The Quantum Workshops mission statement is: Why isn’t the world more weird? Quantum mechanics predicts some strange behaviour which is experimentally proved in labs round the world all the time, what The Quantum Workshop question is: if weird stuff happens in labs, why doesn’t it happen in the real world?  


To demonstrate the type of experiments that take place, Lia and James talked us through a classic quantum mechanics experiment called: ‘Young’s double slits experiment’, this is a study of what happens when something (anything) is fired at a surface with two small slits. Scientist’s tested this with tiny molecules called buckminsterfullerene (Bucky Balls), they were aimed at the slits, instead of being left with two separate piles opposite the slits, most of the molecules had gathered in-between the slits where there is no gap to fall through! The only way to explain this is by suggesting that the particle goes through both of the holes at once, therefore it can be in two places at the same time, which begs a question: Can people be in two places at once?

Quantum mechanic says that everything is in a superposition of places, which means everything has a slight spread of where it can be at the same time. The size and temperature of the object has an effect on the spread, for example the bigger and hottest of objects have the smallest spread and therefore the smallest chance of being in different places at the same time.

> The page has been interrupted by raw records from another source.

(* Let $A_1,A_2,A_3\subset\mathbb{R}^3$ be finite sets with $|A_1|=3$, $|A_2|=2$, $|A_3|=1$ such that $A_1\cup A_2\cup A_3$ is a set of $6$ points in general position. Then there is a unique triple of mutually orthogonal affine planes $H_1,H_2,H_3$ with $A_i\subset H_i$ for $i=1,2,3$.
   Context: A finite set $X\subset\mathbb{R}^3$ is in general position if no $3$ points of $X$ are collinear, no $4$ are coplanar, no $6$ lie in the union of $2$ orthogonal planes, and no $7$ lie in the union of $3$ mutually orthogonal planes. Affine planes are (mutually) orthogonal if their normal vectors are pairwise orthogonal. *)

From mathcomp Require Import all_boot all_order all_algebra.
From mathcomp Require Import reals.
Set Implicit Arguments. Unset Strict Implicit. Unset Printing Implicit Defensive.
Import Order.TTheory GRing.Theory Num.Theory.
Local Open Scope ring_scope.

Section Geom.
Variable R : realType.
Notation pt := 'rV[R]_3.

Definition dotv (u v : pt) : R := \sum_(i < 3) u 0 i * v 0 i.

Definition hyperplane (n : pt) (c : R) : pt -> Prop := fun x => dotv n x = c.

Definition is_plane (H : pt -> Prop) : Prop :=
  exists n c, n != 0 /\ forall x, H x <-> hyperplane n c x.

Definition is_line (L : pt -> Prop) : Prop :=
  exists (p d : pt), d != 0 /\ forall x, L x <-> exists t : R, x = p + t *: d.

Definition orth_planes (H1 H2 : pt -> Prop) : Prop :=
  exists n1 c1 n2 c2, [/\ n1 != 0, n2 != 0,
    (forall x, H1 x <-> hyperplane n1 c1 x),
    (forall x, H2 x <-> hyperplane n2 c2 x) & dotv n1 n2 = 0].

Definition mutually_orth3 (H1 H2 H3 : pt -> Prop) : Prop :=
  [/\ orth_planes H1 H2, orth_planes H1 H3 & orth_planes H2 H3].

Definition no_k_in (k : nat) (X : seq pt) (S : pt -> Prop) : Prop :=
  forall Y : seq pt, uniq Y -> size Y = k -> {subset Y <= X} ->
    ~ (forall y, y \in Y -> S y).

Definition general_position (X : seq pt) : Prop :=
  [/\ uniq X,
      (forall L, is_line L -> no_k_in 3 X L),
      (forall H, is_plane H -> no_k_in 4 X H),
      (forall H1 H2, orth_planes H1 H2 -> no_k_in 6 X (fun x => H1 x \/ H2 x))
    & (forall H1 H2 H3, mutually_orth3 H1 H2 H3 ->
         no_k_in 7 X (fun x => [\/ H1 x, H2 x | H3 x]))].

End Geom.

From mathcomp Require Import all_boot all_order all_algebra.
From mathcomp Require Import reals.
From mathcomp Require Import ring lra.
Import Order.TTheory GRing.Theory Num.Theory.
Local Open Scope ring_scope.
Set Implicit Arguments. Unset Strict Implicit.

(* The plane through [A1 = {p, q, r}] (not collinear) is forced, with normal
   [N = (q - p) x (r - p)], [x] being the cross product.  The normal of the plane through [A2 = {a, b}] is orthogonal to [N]
   and to [b - a], hence parallel to [n2 = N x (b - a)], which is nonzero: otherwise the plane
   through [a, b, c] would be orthogonal to the first one and together they would contain all
   six points.  The normal of the last plane is orthogonal to [N] and [n2], hence parallel to
   [N x n2], and that plane passes through the point of [A3]. *)

Section Vec3.
Variable R : realType.
Notation pt := 'rV[R]_3.
Implicit Types (u v w x y : pt) (k : R).

Definition i0 : 'I_3 := @Ordinal 3 0 isT.
Definition i1 : 'I_3 := @Ordinal 3 1 isT.
Definition i2 : 'I_3 := @Ordinal 3 2 isT.

Lemma dotvE u v : dotv u v = u 0 i0 * v 0 i0 + u 0 i1 * v 0 i1 + u 0 i2 * v 0 i2.
Proof.
rewrite /dotv !big_ord_recr big_ord0 /= add0r.
by congr (_ * _ + _ * _ + _ * _); congr (_ _ _); apply/val_inj.
Qed.

Lemma row3P u v : u 0 i0 = v 0 i0 -> u 0 i1 = v 0 i1 -> u 0 i2 = v 0 i2 -> u = v.
Proof.
move=> h0 h1 h2; apply/matrixP => i [[|[|[|j]]] lt_j3]; rewrite [i]ord1 //.
- by have -> : Ordinal lt_j3 = i0 by apply/val_inj.
- by have -> : Ordinal lt_j3 = i1 by apply/val_inj.
- by have -> : Ordinal lt_j3 = i2 by apply/val_inj.
Qed.

(* Locked, as otherwise [mxE] would turn coordinates of [row3] into [if]s that [ring]
   cannot see through. *)
Definition row3_def (a b c : R) : pt :=
  \row_(i < 3) (if i == i0 then a else if i == i1 then b else c).
Fact row3_key : unit. Proof. by []. Qed.
Definition row3 := locked_with row3_key row3_def.
Lemma row3_0 a b c : row3 a b c 0 i0 = a. Proof. by rewrite /row3 unlock mxE. Qed.
Lemma row3_1 a b c : row3 a b c 0 i1 = b. Proof. by rewrite /row3 unlock mxE. Qed.
Lemma row3_2 a b c : row3 a b c 0 i2 = c. Proof. by rewrite /row3 unlock mxE. Qed.

Definition cross u v : pt :=
  row3 (u 0 i1 * v 0 i2 - u 0 i2 * v 0 i1)
       (u 0 i2 * v 0 i0 - u 0 i0 * v 0 i2)
       (u 0 i0 * v 0 i1 - u 0 i1 * v 0 i0).

Ltac coords := rewrite ?dotvE; do 3 rewrite ?mxE /cross ?row3_0 ?row3_1 ?row3_2.
Ltac vec_ring := first [apply: row3P; coords; ring | coords; ring].

Lemma dotvC u v : dotv u v = dotv v u. Proof. vec_ring. Qed.
Lemma dotvZl k u v : dotv (k *: u) v = k * dotv u v. Proof. vec_ring. Qed.
Lemma dotvDr w u v : dotv w (u + v) = dotv w u + dotv w v. Proof. vec_ring. Qed.
Lemma dotvBr w u v : dotv w (u - v) = dotv w u - dotv w v. Proof. vec_ring. Qed.
Lemma dot0v u : dotv 0 u = 0. Proof. vec_ring. Qed.
Lemma dotv_crossl u v : dotv (cross u v) u = 0. Proof. vec_ring. Qed.
Lemma dotv_crossr u v : dotv (cross u v) v = 0. Proof. vec_ring. Qed.
Lemma dotv_cross_cross u v w : dotv (cross u v) w = dotv (cross v w) u.
Proof. vec_ring. Qed.
Lemma dotv_cross_self u v :
  dotv (cross u v) (cross u v) = dotv u u * dotv v v - dotv u v ^+ 2.
Proof. vec_ring. Qed.
Lemma cross_crossr u v w : cross u (cross v w) = dotv u w *: v - dotv u v *: w.
Proof. vec_ring. Qed.
Lemma cross0v u : cross 0 u = 0. Proof. vec_ring. Qed.
Lemma crossC u v : cross u v = - cross v u. Proof. vec_ring. Qed.
Lemma cross_eq0_collinear u v : cross u v = 0 -> dotv v v *: u = dotv u v *: v.
Proof.
move=> uv0; apply/eqP; rewrite -subr_eq0 [dotv u v]dotvC -cross_crossr uv0.
by apply/eqP; vec_ring.
Qed.

Lemma dotv_gt0 u : u != 0 -> 0 < dotv u u.
Proof.
move=> u_neq0; rewrite lt_def; apply/andP; split; last by coords; nra.
apply: contra u_neq0; coords => /eqP uu0; apply/eqP/row3P; coords; nra.
Qed.

Lemma dotv_eq0 u : (dotv u u == 0) = (u == 0).
Proof.
by apply/idP/idP => [|/eqP->]; [apply: contraLR => /dotv_gt0/gt_eqF->|rewrite dot0v].
Qed.

Lemma cross_cross_eq0 u v w : dotv u v = 0 -> dotv u w = 0 -> cross u (cross v w) = 0.
Proof. by move=> uv0 uw0; rewrite cross_crossr uv0 uw0 !scale0r subrr. Qed.

Lemma dotvBr_eq0 w x y : dotv w (y - x) = 0 -> dotv w y = dotv w x.
Proof. by rewrite dotvBr => /eqP; rewrite subr_eq0 => /eqP. Qed.

Lemma cross_neq0 u v : u != 0 -> v != 0 -> dotv u v = 0 -> cross u v != 0.
Proof.
move=> u_neq0 v_neq0 uv0; rewrite -dotv_eq0 dotv_cross_self uv0 expr0n subr0.
by rewrite mulf_neq0 // dotv_eq0.
Qed.

Definition par u v := exists k, k != 0 /\ u = k *: v.

Lemma cross_eq0_par u v : u != 0 -> v != 0 -> cross u v = 0 -> par u v.
Proof.
move=> u_neq0 v_neq0 /cross_eq0_collinear uvE.
have vv_neq0 : dotv v v != 0 by rewrite dotv_eq0.
have uv_neq0 : dotv u v != 0.
  apply: contra u_neq0 => /eqP uv0.
  by move: uvE; rewrite uv0 scale0r => /eqP; rewrite scaler_eq0 (negbTE vv_neq0).
exists (dotv u v / dotv v v); split; first by rewrite mulf_neq0 ?invr_eq0.
by rewrite mulrC -scalerA -uvE scalerA mulVf // scale1r.
Qed.

Lemma par_dotv0 u v w : par u v -> (dotv u w = 0 <-> dotv v w = 0).
Proof.
case=> k [k_neq0 ->]; rewrite dotvZl; split=> [/eqP|->]; last by rewrite mulr0.
by rewrite mulf_eq0 (negbTE k_neq0) => /eqP.
Qed.

End Vec3.

Section Planes.
Variable R : realType.
Notation pt := 'rV[R]_3.
Implicit Types (n m x y : pt) (G : pt -> Prop).

Definition is_normal G n := n != 0 /\ exists c, forall x, G x <-> hyperplane n c x.

Lemma is_normal_hyperplane n c : n != 0 -> is_normal (hyperplane n c) n.
Proof. by move=> n_neq0; split=> //; exists c. Qed.

Lemma is_normal_orth G n x y : is_normal G n -> G x -> G y -> dotv n (y - x) = 0.
Proof.
by case=> _ [c Gn] /Gn Gx /Gn Gy; rewrite dotvBr /hyperplane Gx Gy subrr.
Qed.

(* Both [x0] and [x0 + (m x n) x m] lie in [G], so [n] is orthogonal to [(m x n) x m],
   i.e. [|m x n|^2 = 0]. *)
Lemma is_normal_par G m n : is_normal G m -> is_normal G n -> par n m.
Proof.
move=> Gm Gn; have [m_neq0 [c Gc]] := Gm; have [n_neq0 _] := Gn.
have mm_neq0 : dotv m m != 0 by rewrite dotv_eq0.
set x0 := (c / dotv m m) *: m; set e := cross m n.
have Gx0 : G x0 by apply/Gc; rewrite /hyperplane dotvC dotvZl mulfVK.
have Gx1 : G (x0 + cross e m).
  by apply/Gc; rewrite /hyperplane dotvDr [dotv m (cross _ _)]dotvC dotv_crossr addr0; apply/Gc.
have := is_normal_orth Gn Gx0 Gx1; rewrite addrC addKr dotvC dotv_cross_cross => /eqP.
rewrite dotv_eq0 => /eqP mn0.
by apply: cross_eq0_par; rewrite // crossC mn0 oppr0.
Qed.

Lemma is_normal_par_hyperplane G m n b :
  is_normal G m -> par m n -> G b -> forall x, G x <-> hyperplane n (dotv n b) x.
Proof.
case=> _ [c Gc] [k [k_neq0 mE]] /Gc Gb x; rewrite Gc /hyperplane -Gb mE !dotvZl.
by split=> [/(mulfI k_neq0)|->].
Qed.

Lemma orth_planesE G1 G2 :
  orth_planes G1 G2 <-> exists n1 n2, [/\ is_normal G1 n1, is_normal G2 n2 & dotv n1 n2 = 0].
Proof.
split=> [[n1 [c1 [n2 [c2 [n1_neq0 n2_neq0 G1n1 G2n2 n12]]]]]|].
  by exists n1, n2; split=> //; split=> //; [exists c1|exists c2].
by case=> [n1 [n2 [[n1_neq0 [c1 G1n1]] [n2_neq0 [c2 G2n2]] n12]]]; exists n1, c1, n2, c2.
Qed.

Lemma orth_planes_normal G1 G2 n1 n2 :
  orth_planes G1 G2 -> is_normal G1 n1 -> is_normal G2 n2 -> dotv n1 n2 = 0.
Proof.
case/orth_planesE=> [m1 [m2 [G1m1 G2m2 m12]]] G1n1 G2n2.
apply/(par_dotv0 _ (is_normal_par G1m1 G1n1)); rewrite dotvC.
by apply/(par_dotv0 _ (is_normal_par G2m2 G2n2)); rewrite dotvC m12.
Qed.

End Planes.

Section GeneralPosition.
Variable R : realType.
Notation pt := 'rV[R]_3.
Implicit Types (X : seq pt) (p q r a b c x y z : pt).

Lemma gp_noncollinear X x y z : general_position X ->
  uniq [:: x; y; z] -> {subset [:: x; y; z] <= X} -> cross (y - x) (z - x) != 0.
Proof.
case=> _ gp_line _ _ _ xyz_uniq xyz_sub; apply/eqP => xyz0.
have d_neq0 : y - x != 0.
  by move: xyz_uniq; rewrite /= !inE subr_eq0 eq_sym => /andP[/norP[]].
have dd_neq0 : dotv (y - x) (y - x) != 0 by rewrite dotv_eq0.
apply: (gp_line (fun t => exists s, t = x + s *: (y - x)) _ _ xyz_uniq erefl xyz_sub).
  by exists x, (y - x).
move=> t; rewrite !inE => /or3P[] /eqP->.
- by exists 0; rewrite scale0r addr0.
- by exists 1; rewrite scale1r addrC subrK.
- exists (dotv (z - x) (y - x) / dotv (y - x) (y - x)).
  have /cross_eq0_collinear zxE : cross (z - x) (y - x) = 0 by rewrite crossC xyz0 oppr0.
  by rewrite mulrC -scalerA -zxE scalerA mulVf // scale1r addrC subrK.
Qed.

Lemma gp_normal_not_parallel p q r a b c :
  general_position [:: p; q; r; a; b; c] ->
  cross (cross (q - p) (r - p)) (b - a) != 0.
Proof.
move=> gp; have [X_uniq _ _ gp_orth _] := gp.
have := X_uniq; rewrite -[[:: p; q; r; a; b; c]]/([:: p; q; r] ++ [:: a; b; c]) cat_uniq.
case/and3P=> pqr_uniq _ abc_uniq.
have in_X t : t \in [:: p; q; r] ++ [:: a; b; c] -> t \in [:: p; q; r; a; b; c] by [].
have N_neq0 : cross (q - p) (r - p) != 0.
  by apply: (gp_noncollinear gp pqr_uniq) => t t3; apply: in_X; rewrite mem_cat t3.
have d_neq0 : cross (b - a) (c - a) != 0.
  by apply: (gp_noncollinear gp abc_uniq) => t t3; apply: in_X; rewrite mem_cat t3 orbT.
have ba_neq0 : b - a != 0.
  by move: abc_uniq; rewrite /= !inE subr_eq0 eq_sym => /andP[/norP[]].
set N := cross (q - p) (r - p) in N_neq0 *; set d := cross (b - a) (c - a) in d_neq0.
apply/eqP => Nba0; have Npar := cross_eq0_par N_neq0 ba_neq0 Nba0.
apply: (gp_orth (hyperplane N (dotv N p)) (hyperplane d (dotv d a)) _ _ X_uniq erefl
  (fun t t6 => t6)).
  exists N, (dotv N p), d, (dotv d a); split=> //.
  by apply/(par_dotv0 _ Npar); rewrite dotvC dotv_crossl.
move=> t; rewrite !inE => /or4P[|||/or3P[||]] /eqP->;
  [left|left|left|right|right|right]; rewrite // /hyperplane; apply: dotvBr_eq0;
  by rewrite ?dotv_crossl ?dotv_crossr.
Qed.

End GeneralPosition.

Section Frame.
Variable R : realType.
Notation pt := 'rV[R]_3.
Variables p q r a b c : pt.

Let N := cross (q - p) (r - p).
Let n2 := cross N (b - a).
Let n3 := cross N n2.

Hypotheses (N_neq0 : N != 0) (n2_neq0 : n2 != 0).

Definition frame1 := hyperplane N (dotv N p).
Definition frame2 := hyperplane n2 (dotv n2 a).
Definition frame3 := hyperplane n3 (dotv n3 c).

Let n3_neq0 : n3 != 0.
Proof. by apply: cross_neq0; rewrite // dotvC dotv_crossl. Qed.

Lemma frame_mutually_orth : mutually_orth3 frame1 frame2 frame3.
Proof.
split; apply/orth_planesE.
- by exists N, n2; split; [exact: is_normal_hyperplane..|rewrite dotvC dotv_crossl].
- by exists N, n3; split; [exact: is_normal_hyperplane..|rewrite dotvC dotv_crossl].
- by exists n2, n3; split; [exact: is_normal_hyperplane..|rewrite dotvC dotv_crossr].
Qed.

Lemma frame1_contains : {in [:: p; q; r], forall x, frame1 x}.
Proof.
move=> x; rewrite !inE => /or3P[]/eqP-> //; apply: dotvBr_eq0.
  exact: dotv_crossl.
exact: dotv_crossr.
Qed.

Lemma frame2_contains : {in [:: a; b], forall x, frame2 x}.
Proof. by move=> x; rewrite !inE => /orP[]/eqP-> //; apply/dotvBr_eq0/dotv_crossr. Qed.

Lemma frame3_contains : {in [:: c], forall x, frame3 x}.
Proof. by move=> x; rewrite inE => /eqP->. Qed.

Lemma frame_unique G1 G2 G3 : mutually_orth3 G1 G2 G3 ->
  {in [:: p; q; r], forall x, G1 x} -> {in [:: a; b], forall x, G2 x} ->
  {in [:: c], forall x, G3 x} ->
  forall x, [/\ G1 x <-> frame1 x, G2 x <-> frame2 x & G3 x <-> frame3 x].
Proof.
case=> o12 o13 o23 G1pqr G2ab G3_c.
have G1p : G1 p by apply: G1pqr; rewrite !inE eqxx.
have G2a : G2 a by apply: G2ab; rewrite !inE eqxx.
have G3c : G3 c by apply: G3_c; rewrite !inE eqxx.
case/orth_planesE: (o12) => m1 [m2 [G1m1 G2m2 m12]].
case/orth_planesE: (o13) => _ [m3 [_ G3m3 _]].
have m13 := orth_planes_normal o13 G1m1 G3m3.
have m23 := orth_planes_normal o23 G2m2 G3m3.
have m1N : par m1 N.
  apply: cross_eq0_par G1m1.1 N_neq0 _; apply: cross_cross_eq0;
    by apply: (is_normal_orth G1m1); apply: G1pqr; rewrite !inE eqxx ?orbT.
have m2n2 : par m2 n2.
  apply: cross_eq0_par G2m2.1 n2_neq0 _; apply: cross_cross_eq0.
    by rewrite dotvC; apply/(par_dotv0 _ m1N); exact: m12.
  by apply: (is_normal_orth G2m2); apply: G2ab; rewrite !inE eqxx ?orbT.
have m3n3 : par m3 n3.
  apply: cross_eq0_par G3m3.1 n3_neq0 _; apply: cross_cross_eq0; rewrite dotvC.
    by apply/(par_dotv0 _ m1N); exact: m13.
  by apply/(par_dotv0 _ m2n2); exact: m23.
move=> x; split.
- exact: (is_normal_par_hyperplane G1m1 m1N G1p).
- exact: (is_normal_par_hyperplane G2m2 m2n2 G2a).
- exact: (is_normal_par_hyperplane G3m3 m3n3 G3c).
Qed.

End Frame.

Theorem mainTheorem7 (R : realType) (A1 A2 A3 : seq 'rV[R]_3) :
  uniq A1 -> uniq A2 -> uniq A3 ->
  size A1 = 3%N -> size A2 = 2%N -> size A3 = 1%N ->
  size (A1 ++ A2 ++ A3) = 6%N ->
  general_position (A1 ++ A2 ++ A3) ->
  exists H1 H2 H3 : 'rV[R]_3 -> Prop,
    [/\ mutually_orth3 H1 H2 H3,
        (forall a, a \in A1 -> H1 a),
        (forall a, a \in A2 -> H2 a),
        (forall a, a \in A3 -> H3 a)
      & forall G1 G2 G3 : 'rV[R]_3 -> Prop,
          mutually_orth3 G1 G2 G3 ->
          (forall a, a \in A1 -> G1 a) ->
          (forall a, a \in A2 -> G2 a) ->
          (forall a, a \in A3 -> G3 a) ->
          forall x, [/\ G1 x <-> H1 x, G2 x <-> H2 x & G3 x <-> H3 x]].
Proof.
move=> _ _ _ + + + _.
case: A1 => [|p [|q [|r [|? ?]]]] //; case: A2 => [|a [|b [|? ?]]] //.
case: A3 => [|c [|? ?]] // _ _ _ gp.
have n2_neq0 := gp_normal_not_parallel gp.
have N_neq0 : cross (q - p) (r - p) != 0.
  by apply: contraNneq n2_neq0 => ->; rewrite cross0v.
exists (frame1 p q r), (frame2 p q r a b), (frame3 p q r a b c); split.
- exact: frame_mutually_orth.
- exact: frame1_contains.
- exact: frame2_contains.
- exact: frame3_contains.
- exact: frame_unique.
Qed.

A way round this is to decrease the temperature of things and a good tool for doing this is a laser. Lasers contain a set single energy, which is displayed in its beam (a single colour); this beam can travel a long way staying completely intact unlike other light beams. This means lasers can be focused down to a very small size to be used very effectively in a small space.

The quantum workshop brought in their laser, they had split the beam into two channels and faced the separate channels into two lenses to produce an electric field that is squeezed into a tiny area, this force is strong enough to pull small objects and suspend them in between the two lenses. What this actually did was hold up a physical object and levitate it with light.

Questions from audience

What’s the largest object that has ever been frozen in one place like this?

Bucky Balls are the largest objects to undergo Young’s double slit experiment and prove that they can be in a superposition. It does depend on what you mean by large because the largest quantum gases are a millimetre in size and unbelievable sparse, they are like a wispy cloud.

Does it depend on what the object is made of?

This is about technique, when you have single types of atom it is quite easy because they collectively will follow the same rules of cooling and more complex atoms mean you have to think around what you can utilise in that object; using the shape of objects for example, rather than the physical make up of the object can do this.